■ Work required ■
Scan the material below and copy every line holding the word "split".

---- Record excerpts

Ltac solve_unif_cont3 := first
  [ apply unif_cont3_const | apply unif_cont3_x | apply unif_cont3_y | apply unif_cont3_t
  | apply unif_cont3_plus; solve_unif_cont3
  | apply unif_cont3_opp; solve_unif_cont3
  | apply unif_cont3_mult; [solve_unif_cont3|solve_unif_cont3|solve_bounded3|solve_bounded3]
  | apply (unif_cont3_comp_lipschitz sin); [exact sin_lipschitz|solve_unif_cont3]
  | apply (unif_cont3_comp_lipschitz cos); [exact cos_lipschitz|solve_unif_cont3]
  | apply unif_cont3_comp; [assumption|solve_unif_cont3|solve_bounded3] ].

Lemma unif_cont3_swap12 F : unif_cont3 F -> unif_cont3 (fun x y t => F y x t).
Proof.
  intros HF eps He. destruct (HF eps He) as [d [Hd H]]. exists d. split; auto.
Qed.

Lemma unif_cont3_swap23 F : unif_cont3 F -> unif_cont3 (fun x y t => F x t y).
Proof.
  intros HF eps He. destruct (HF eps He) as [d [Hd H]]. exists d. split; auto.
Qed.

Lemma unif_cont3_continuous F x y t : unif_cont3 F -> continuous (F x y) t.
Proof.
  intros HF. apply continuity_pt_filterlim. intros eps He.
  destruct (HF eps He) as [d [Hd H]]. exists d. split; auto.
  intros t' [_ Ht']. apply H; auto; rewrite Rminus_diag, Rabs_R0; auto.
Qed.

Lemma unif_cont3_continuity_2d F y x t :
  unif_cont3 F -> continuity_2d_pt (fun x t => F x y t) x t.
Proof.
  intros HF eps. destruct (HF eps (cond_pos eps)) as [d [Hd H]].
  exists (mkposreal d Hd). simpl. intros x' t' Hx Ht. apply H; auto.
  rewrite Rminus_diag, Rabs_R0; auto.
Qed.

Lemma unif_cont3_ex_RInt F x y a b : unif_cont3 F -> ex_RInt (F x y) a b.
Proof. intros HF. apply ex_RInt_cont. intros; apply unif_cont3_continuous, HF. Qed.

Lemma unif_cont3_RInt F a b : a <= b -> unif_cont3 F ->
  unif_cont3 (fun x y _ => RInt (F x y) a b).
Proof.
  intros Hab HF eps He.
  set (e := eps / (b - a + 1)).
  destruct (HF e) as [d [Hd H]]; [apply Rdiv_lt_0_compat; lra|].
  exists d. split; auto. intros x y _ x' y' _ Hx Hy _.
  rewrite <- (RInt_minus (V := R_CompleteNormedModule)) by (apply unif_cont3_ex_RInt; auto).
  apply Rle_lt_trans with ((b - a) * e).
  - apply abs_RInt_le_const; auto.
    + apply (ex_RInt_minus (V := R_NormedModule)); apply unif_cont3_ex_RInt; auto.
    + intros t _. left. apply H; auto. rewrite Rminus_diag, Rabs_R0; auto.
  - unfold e. apply Rmult_lt_reg_r with (b - a + 1); [lra|].
    replace ((b - a) * (eps / (b - a + 1)) * (b - a + 1)) with ((b - a) * eps) by (field; lra).
    nra.
Qed.

Lemma is_derive_RInt_param3 F dF a b x y :
  (forall x y t, is_derive (fun z => F z y t) x (dF x y t)) ->
  unif_cont3 F -> unif_cont3 dF ->
  is_derive (fun z => RInt (F z y) a b) x (RInt (dF x y) a b).
Proof.
  intros HD HF HdF.
  assert (HDu : forall x t, Derive (fun z => F z y t) x = dF x y t)
    by (intros; apply is_derive_unique, HD).
  rewrite <- (RInt_ext (fun t => Derive (fun z => F z y t) x)) by (intros; apply HDu).
  apply (is_derive_RInt_param (fun z t => F z y t)).
  - apply filter_forall. intros z t _. eexists; apply HD.
  - intros t _. apply (continuity_2d_pt_ext (fun u v => dF u y v)).
    + intros; symmetry; apply HDu.
    + apply unif_cont3_continuity_2d, HdF.
  - apply filter_forall. intros z. apply unif_cont3_ex_RInt, HF.
Qed.

Section SphereRotation.

Variable h : R -> R.
Hypothesis h_C1 : C1 h.

Let h_cont : forall x, continuous h x := C1_continuous h h_C1.
Let dh_cont : forall x, continuous (Derive h) x := proj2 h_C1.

--------

■ Exercise response ■
  intros HF eps He. destruct (HF eps He) as [d [Hd H]]. exists d. split; auto.
  intros HF eps He. destruct (HF eps He) as [d [Hd H]]. exists d. split; auto.
  destruct (HF eps He) as [d [Hd H]]. exists d. split; auto.
  exists d. split; auto. intros x y _ x' y' _ Hx Hy _.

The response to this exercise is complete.